### What is being asked
Given the material below, repeat exactly the lines from the one containing "p => / pow_n (K:=C_Ring) z (Pos.to_nat p)" through the final line, and nothing else.

### Data provided
(* Let $g\ge1$ and $n\in\mathbb{Z}\setminus\{0\}$. Let $u_1,\dots,u_{2g+1}$ be pairwise distinct complex numbers varying in a small open set. Let $\gamma_1,\dots,\gamma_{2g}$ be a basis of the first homology of the curve $v^2=(u-u_1)\cdots(u-u_{2g+1})$, represented by cycles avoiding the branch points and infinity and transported continuously as the $u_j$ vary. Let $c_1,\dots,c_{2g}\in\mathbb{C}$ be arbitrary constants, and set $$a_i=\sum_{k=1}^{2g}c_k\oint_{\gamma_k}\frac{v^n\,du}{u-u_i},\qquad A^{(i)}=\begin{pmatrix} n/4 & a_i\\ 0 & -n/4\end{pmatrix},\qquad i=1,\dots,2g+1.$$ Then the matrices $A^{(i)}$ satisfy the Schlesinger system $$\frac{\partial A^{(j)}}{\partial u_k}=\frac{[A^{(k)},A^{(j)}]}{u_k-u_j}\ (k\ne j),\qquad \frac{\partial A^{(k)}}{\partial u_k}=-\sum_{j\neq k}\frac{[A^{(k)},A^{(j)}]}{u_k-u_j},$$ and $A^{(\infty)}:=-A^{(1)}-\dots-A^{(2g+1)}$ is constant. *)

From Stdlib Require Import Reals ZArith Arith.
From Coquelicot Require Import Coquelicot.
Open Scope C_scope.

Definition zpowC (z : C) (n : Z) : C :=
  match n with
  | Z0 => RtoC 1
  | Zpos p => pow_n (K:=C_Ring) z (Pos.to_nat p)
  | Zneg p => / pow_n (K:=C_Ring) z (Pos.to_nat p)
  end.

Fixpoint sumC (m : nat) (f : nat -> C) : C :=
  match m with O => RtoC 0 | S m' => sumC m' f + f m' end.

Definition upd (u : nat -> C) (k : nat) (z : C) : nat -> C :=
  fun i => if Nat.eqb i k then z else u i.

Definition branchpoly (N : nat) (u : nat -> C) (x : C) : C :=
  let fix pr (m : nat) : C := match m with O => RtoC 1 | S m' => pr m' * (x - u m') end in pr N.

(* open subset of C^N (only the first N coordinates matter) *)
Definition openN (N : nat) (U : (nat -> C) -> Prop) : Prop :=
  forall u, U u -> exists eps : R, (0 < eps)%R /\
    forall u', (forall i, (i < N)%nat -> (Cmod (u' i - u i) < eps)%R) -> U u'.

Record mat2 := Mat2 { m11 : C; m12 : C; m21 : C; m22 : C }.

Definition mmul (A B : mat2) : mat2 :=
  Mat2 (m11 A * m11 B + m12 A * m21 B) (m11 A * m12 B + m12 A * m22 B)
       (m21 A * m11 B + m22 A * m21 B) (m21 A * m12 B + m22 A * m22 B).
Definition madd (A B : mat2) : mat2 :=
  Mat2 (m11 A + m11 B) (m12 A + m12 B) (m21 A + m21 B) (m22 A + m22 B).
Definition mscale (c : C) (A : mat2) : mat2 :=
  Mat2 (c * m11 A) (c * m12 A) (c * m21 A) (c * m22 A).
Definition mopp (A : mat2) : mat2 := mscale (RtoC (-1)) A.
Definition mzero : mat2 := Mat2 (RtoC 0) (RtoC 0) (RtoC 0) (RtoC 0).
Definition comm (A B : mat2) : mat2 := madd (mmul A B) (mopp (mmul B A)).
Fixpoint msum (m : nat) (f : nat -> mat2) : mat2 :=
  match m with O => mzero | S m' => madd (msum m' f) (f m') end.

### Output
  | Zneg p => / pow_n (K:=C_Ring) z (Pos.to_nat p)
  end.

Fixpoint sumC (m : nat) (f : nat -> C) : C :=
  match m with O => RtoC 0 | S m' => sumC m' f + f m' end.

Definition upd (u : nat -> C) (k : nat) (z : C) : nat -> C :=
  fun i => if Nat.eqb i k then z else u i.

Definition branchpoly (N : nat) (u : nat -> C) (x : C) : C :=
  let fix pr (m : nat) : C := match m with O => RtoC 1 | S m' => pr m' * (x - u m') end in pr N.

(* open subset of C^N (only the first N coordinates matter) *)
Definition openN (N : nat) (U : (nat -> C) -> Prop) : Prop :=
  forall u, U u -> exists eps : R, (0 < eps)%R /\
    forall u', (forall i, (i < N)%nat -> (Cmod (u' i - u i) < eps)%R) -> U u'.

Record mat2 := Mat2 { m11 : C; m12 : C; m21 : C; m22 : C }.

Definition mmul (A B : mat2) : mat2 :=
  Mat2 (m11 A * m11 B + m12 A * m21 B) (m11 A * m12 B + m12 A * m22 B)
       (m21 A * m11 B + m22 A * m21 B) (m21 A * m12 B + m22 A * m22 B).
Definition madd (A B : mat2) : mat2 :=
  Mat2 (m11 A + m11 B) (m12 A + m12 B) (m21 A + m21 B) (m22 A + m22 B).
Definition mscale (c : C) (A : mat2) : mat2 :=
  Mat2 (c * m11 A) (c * m12 A) (c * m21 A) (c * m22 A).
Definition mopp (A : mat2) : mat2 := mscale (RtoC (-1)) A.
Definition mzero : mat2 := Mat2 (RtoC 0) (RtoC 0) (RtoC 0) (RtoC 0).
Definition comm (A B : mat2) : mat2 := madd (mmul A B) (mopp (mmul B A)).
Fixpoint msum (m : nat) (f : nat -> mat2) : mat2 :=
  match m with O => mzero | S m' => madd (msum m' f) (f m') end.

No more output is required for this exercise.